Reviewed by the Board.

Judgment will be entered for the respondent.

TIMES-PICAYUNE PUBLISHING COMPANY, PETITIONER, v. COMMIS-
SIONER OF INTERNAL REVENUE, RESPONDENT.

Docket Nos. 48892, 49539. Promulgated December 9, 1932.
Expenditures made by petitioner in maintaining a chair in
journalism in Tulane University for the purpose of bettering its
service to the public as a news gatherer and dispenser, which were
reasonably expected to bring returns to it in dollars and cents, con-
stituted deductible items of expense under section 234 (a) of the
Revenue Act of 1926.

Esmond Phelps, Esq., for the petitioner.
John H. Pigg, Esq., for the respondent.

These proceedings are for the redetermination of deficiencies in income tax in the amount of $1,554.07 for the year 1927 in Docket No. 48892, and $1,225.51 for the year 1928 in Docket No. 49539.

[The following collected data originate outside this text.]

(* Let $n\ge 2$ be an integer and $A\subseteq L_n$. The following are equivalent: (i) $(X_n,\tau(A))$ is Lindelöf; (ii) $(X_n,\tau(A))$ is paracompact; (iii) $(X_n,\tau(A))$ is countably paracompact; (iv) $(X_n,\tau(A))$ is normal; (v) $L_n\setminus A$ does not contain a closed uncountable subset of $(L_n,\tau_E|_{L_n})$.
   Context: For $\overline{x},\overline{a}\in\mathbb R^n$ let $|\overline{x}-\overline{a}|$ be the Euclidean distance and $B(\overline{a},\epsilon)=\{\overline{x}\in\mathbb R^n:|\overline{x}-\overline{a}|<\epsilon\}$. Let $P_n=\{\overline{x}\in\mathbb R^n: x_n>0\}$, $L_n=\{\overline{x}\in\mathbb R^n: x_n=0\}$, $X_n=P_n\cup L_n$, and let $\tau_E$ denote the Euclidean topology on $X_n$. For $\overline{a}\in L_n$ and $\epsilon>0$ put $\overline{a(\epsilon)}=(a_1,\dots,a_{n-1},\epsilon)$ and $\tilde B(\overline{a},\epsilon)=\{\overline{a}\}\cup B(\overline{a(\epsilon)},\epsilon)$. For $A\subseteq L_n$, the topology $\tau(A)$ on $X_n$ is generated by the local bases: at $\overline{a}\in P_n$, the sets $B(\overline{a},\epsilon)$ with $0<\epsilon<a_n$; at $\overline{a}\in A$, the sets $B(\overline{a},\epsilon)\cap X_n$ with $\epsilon>0$; at $\overline{a}\in L_n\setminus A$, the sets $\tilde B(\overline{a},\epsilon)$ with $\epsilon>0$. *)

From HB Require Import structures.
From mathcomp Require Import all_boot all_order all_algebra.
From mathcomp Require Import boolp classical_sets cardinality reals.
Set Implicit Arguments. Unset Strict Implicit. Unset Printing Implicit Defensive.
Import Order.TTheory GRing.Theory Num.Theory.
Local Open Scope classical_set_scope.
Local Open Scope ring_scope.

(* Points of R^(m.+1): functions 'I_(m.+1) -> R; the last coordinate x_n is
   the coordinate ord_max.  (The paper's n is m.+1.) *)
Definition pt (R : realType) (m : nat) := 'I_m.+1 -> R.

Definition edist (R : realType) (m : nat) (x a : pt R m) : R :=
  Num.sqrt (\sum_(i < m.+1) (x i - a i) ^+ 2).

Definition eball (R : realType) (m : nat) (a : pt R m) (e : R) : set (pt R m) :=
  [set x | edist x a < e].

Definition Pn (R : realType) (m : nat) : set (pt R m) := [set x | 0 < x ord_max].
Definition Ln (R : realType) (m : nat) : set (pt R m) := [set x | x ord_max = 0].
Definition Xn (R : realType) (m : nat) : set (pt R m) := @Pn R m `|` @Ln R m.

Definition a_eps (R : realType) (m : nat) (a : pt R m) (e : R) : pt R m :=
  fun i => if i == ord_max then e else a i.

Definition tball (R : realType) (m : nat) (a : pt R m) (e : R) : set (pt R m) :=
  [set a] `|` eball (a_eps a e) e.

Definition tau_base (R : realType) (m : nat) (A : set (pt R m)) (a : pt R m)
    (V : set (pt R m)) : Prop :=
  (@Pn R m a /\ exists e : R, 0 < e /\ e < a ord_max /\ V = eball a e)
  \/ (A a /\ exists e : R, 0 < e /\ V = eball a e `&` @Xn R m)
  \/ (@Ln R m a /\ ~ A a /\ exists e : R, 0 < e /\ V = tball a e).

Definition tau_open (R : realType) (m : nat) (A : set (pt R m))
    (U : set (pt R m)) : Prop :=
  U `<=` @Xn R m /\
  forall a, U a -> exists V, tau_base A a V /\ V `<=` U.

Definition closed_in {T} (X : set T) (op : set T -> Prop) (F : set T) : Prop :=
  F `<=` X /\ op (X `\` F).

Definition open_cover {T} (X : set T) (op : set T -> Prop) {I : Type}
    (U : I -> set T) : Prop :=
  (forall i, op (U i)) /\ X `<=` \bigcup_i U i.

Definition refines {T} {I J : Type} (V : J -> set T) (U : I -> set T) : Prop :=
  forall j, exists i, V j `<=` U i.

Definition locally_finite {T} (X : set T) (op : set T -> Prop) {J : Type}
    (V : J -> set T) : Prop :=
  forall x, X x -> exists W, op W /\ W x /\
    finite_set [set j | V j `&` W !=set0].

Definition lindelof {T} (X : set T) (op : set T -> Prop) : Prop :=
  forall (I : Type) (U : I -> set T), open_cover X op U ->
    exists J : set I, countable J /\ X `<=` \bigcup_(i in J) U i.

Definition paracompact {T} (X : set T) (op : set T -> Prop) : Prop :=
  forall (I : Type) (U : I -> set T), open_cover X op U ->
    exists (J : Type) (V : J -> set T),
      open_cover X op V /\ refines V U /\ locally_finite X op V.

Definition countably_paracompact {T} (X : set T) (op : set T -> Prop) : Prop :=
  forall (U : nat -> set T), open_cover X op U ->
    exists (J : Type) (V : J -> set T),
      open_cover X op V /\ refines V U /\ locally_finite X op V.

Definition normal {T} (X : set T) (op : set T -> Prop) : Prop :=
  forall F G, closed_in X op F -> closed_in X op G -> F `&` G = set0 ->
    exists U V, op U /\ op V /\ F `<=` U /\ G `<=` V /\ U `&` V = set0.

Definition closed_in_Ln (R : realType) (m : nat) (F : set (pt R m)) : Prop :=
  F `<=` @Ln R m /\
  forall x, @Ln R m x -> ~ F x -> exists e : R, 0 < e /\ eball x e `&` F = set0.

From HB Require Import structures.
From mathcomp Require Import all_boot all_order all_algebra.
From mathcomp Require Import boolp classical_sets cardinality reals.
From mathcomp Require Import ring lra.
Import Order.TTheory GRing.Theory Num.Theory.
Set Implicit Arguments. Unset Strict Implicit. Unset Printing Implicit Defensive.
Local Open Scope classical_set_scope.
Local Open Scope ring_scope.

(* The space X_n with tau(A) is regular, so Lindelof implies paracompact and normal.
   A closed F in L_n \ A is closed and discrete in tau(A), since a tangent ball meets L_n
   only in its base point; hence Lindelof forces such F to be countable.  Conversely, given
   an open cover, the points of L_n lying in no rational Euclidean ball subordinate to the
   cover form a closed subset of L_n \ A, which is countable under (v); together with
   countably many rational balls this gives a countable subcover.
   Finally let F in L_n \ A be closed and uncountable, and {q_j} dense in its condensation
   points.  Whatever the radii r_j > 0, a Baire category argument yields x in F \ {q_j} with
   q_j arbitrarily close to x compared with r_j, so the tangent ball at x meets those at
   infinitely many q_j.  Hence {q_j} and F \ {q_j} cannot be separated (not normal), and
   the countable cover {X \ {q_j}} u {(X \ F) u B~(q_j, 1)} has no locally finite open
   refinement (not countably paracompact). *)

Section SumOfSquares.
Variables (R : rcfType) (n : nat).

Lemma sum_sqr_ge0 (u : 'I_n -> R) : 0 <= \sum_i u i ^+ 2.
Proof. by apply: sumr_ge0 => i _; exact: sqr_ge0. Qed.

Lemma sum_sqr_eq0 (u : 'I_n -> R) : \sum_i u i ^+ 2 = 0 -> forall i, u i = 0.
Proof.
move=> u0 i; have := @psumr_eq0P _ _ _ _ (fun i _ => sqr_ge0 (u i)) u0 i isT.
by move/eqP; rewrite sqrf_eq0 => /eqP.
Qed.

There is only one contested issue involved and that issue is whether or not an expenditure of $6,000, made by petitioner in each of the two years herein involved for the purpose of maintaining a chair, or department of journalism, in Tulane University, is deductible as an ordinary and necessary expense item.

The facts are not controverted. The two cases were consolidated for hearing.

FINDINGS OF FACT.

The petitioner is a corporation, with its principal office and domicile in New Orleans, Louisiana. Its business is the publication of a

daily newspaper in New Orleans, known as the Times-Picayune. Its circulation is about 100,000 daily, and 139,000 Sunday. Its circulation is much larger than any other paper published in New Orleans. It is the oldest paper in New Orleans. As a news gatherer and dispenser, it serves the public in the City of New Orleans and its vicinity in a radius of about fifty miles.

Tulane University is a long established institution of learning, with a student enrollment of about three thousand. Prior to 1926 it had not maintained a chair of journalism and apparently no facilities for taking such a course were furnished students by any school in that city. The profit-producing factor of a newspaper is its advertisements. Its advertisements in volume and in rates of prices paid are very largely determined by the size of its circulation. The size of its circulation depends on the quality of service which it renders the public as a news gatherer and dispenser. That service depends upon the efficiency of the reporters.

Prior to 1926 petitioner had experienced trouble in procuring efficient reporters and felt the need of a school that would give such training. In 1926 petitioner's board of directors directed its vice president, A. P. Howard, to negotiate with Tulane University in an effort to establish and maintain such a school. He tried to get the University to maintain such a school at its own expense, but was not successful. Finally, he effected an agreement and entered into a contract between the University and petitioner, by the terms of which petitioner agreed to pay to the University $6,000 per annum for a period of ten years, beginning in 1926, and the University agreed to establish and maintain during that period such a school. That agreement was carried out and petitioner made the payments annually, and the University maintained the school.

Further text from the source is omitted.